Each entry below is to be copied out exactly and in full.
::: Data for review
(* Fix $N\in\mathbb{N}_+$. Consider all triples $(N_1,N_2,\lambda)\in\mathbb{N}^3$ with $N_1+N_2\geq1$ such that the symmetric nested array $\mathcal{D}=\mathcal{G}\cup(\max\mathcal{G}-\mathcal{G}+\lambda)$, with $\mathcal{G}=\mathcal{G}_{\mathrm{NA}}(N_1,N_2)$, satisfies $|\mathcal{D}|=N$ and $\mathcal{D}+\mathcal{D}=\{0,\ldots,2\max\mathcal{D}\}$. Among such triples, there is one maximizing the aperture $\max\mathcal{D}$ for which $\mathcal{D}=\mathcal{D}_{\mathrm{CNA}}(N_1',N_2')$ for some $N_1',N_2'\in\mathbb{N}$.
   Context: For $a\in\mathbb{Z}$, $b\in\mathbb{N}_+$, $c\in\mathbb{Z}$, $\{a:b:c\}=\{a,a+b,\ldots\}\cap(-\infty,c]$ (empty if $c<a$), and $\{a:c\}=\{a:1:c\}$. Set sums/differences are elementwise: $\mathcal{A}+\mathcal{B}=\{a+b\}$, $\mathcal{A}+c=\{a+c\}$, $c-\mathcal{A}=\{c-a\}$. For $N_1,N_2\in\mathbb{N}$ let $\mathcal{D}_1=\{0:N_1-1\}$ and $\mathcal{D}_2=\{0:N_1+1:(N_2-1)(N_1+1)\}$. The Nested Array is $\mathcal{G}_{\mathrm{NA}}(N_1,N_2)=\mathcal{D}_1\cup(\mathcal{D}_2+N_1)$. The Concatenated Nested Array is $\mathcal{D}_{\mathrm{CNA}}(N_1,N_2)=\mathcal{D}_1\cup(\mathcal{D}_2+N_1)\cup(\mathcal{D}_1+N_2(N_1+1))$. *)

(* Finite sets of integers are represented by sequences
   (seq int); set equality is membership equality (=i), cardinality is
   size (undup _). *)
From mathcomp Require Import all_boot all_order all_algebra.
Import Order.TTheory GRing.Theory Num.Theory.
Local Open Scope ring_scope.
::::::
## Task result
(* Fix $N\in\mathbb{N}_+$. Consider all triples $(N_1,N_2,\lambda)\in\mathbb{N}^3$ with $N_1+N_2\geq1$ such that the symmetric nested array $\mathcal{D}=\mathcal{G}\cup(\max\mathcal{G}-\mathcal{G}+\lambda)$, with $\mathcal{G}=\mathcal{G}_{\mathrm{NA}}(N_1,N_2)$, satisfies $|\mathcal{D}|=N$ and $\mathcal{D}+\mathcal{D}=\{0,\ldots,2\max\mathcal{D}\}$. Among such triples, there is one maximizing the aperture $\max\mathcal{D}$ for which $\mathcal{D}=\mathcal{D}_{\mathrm{CNA}}(N_1',N_2')$ for some $N_1',N_2'\in\mathbb{N}$.
   Context: For $a\in\mathbb{Z}$, $b\in\mathbb{N}_+$, $c\in\mathbb{Z}$, $\{a:b:c\}=\{a,a+b,\ldots\}\cap(-\infty,c]$ (empty if $c<a$), and $\{a:c\}=\{a:1:c\}$. Set sums/differences are elementwise: $\mathcal{A}+\mathcal{B}=\{a+b\}$, $\mathcal{A}+c=\{a+c\}$, $c-\mathcal{A}=\{c-a\}$. For $N_1,N_2\in\mathbb{N}$ let $\mathcal{D}_1=\{0:N_1-1\}$ and $\mathcal{D}_2=\{0:N_1+1:(N_2-1)(N_1+1)\}$. The Nested Array is $\mathcal{G}_{\mathrm{NA}}(N_1,N_2)=\mathcal{D}_1\cup(\mathcal{D}_2+N_1)$. The Concatenated Nested Array is $\mathcal{D}_{\mathrm{CNA}}(N_1,N_2)=\mathcal{D}_1\cup(\mathcal{D}_2+N_1)\cup(\mathcal{D}_1+N_2(N_1+1))$. *)

(* Finite sets of integers are represented by sequences
   (seq int); set equality is membership equality (=i), cardinality is
   size (undup _). *)
From mathcomp Require Import all_boot all_order all_algebra.
Import Order.TTheory GRing.Theory Num.Theory.
Local Open Scope ring_scope.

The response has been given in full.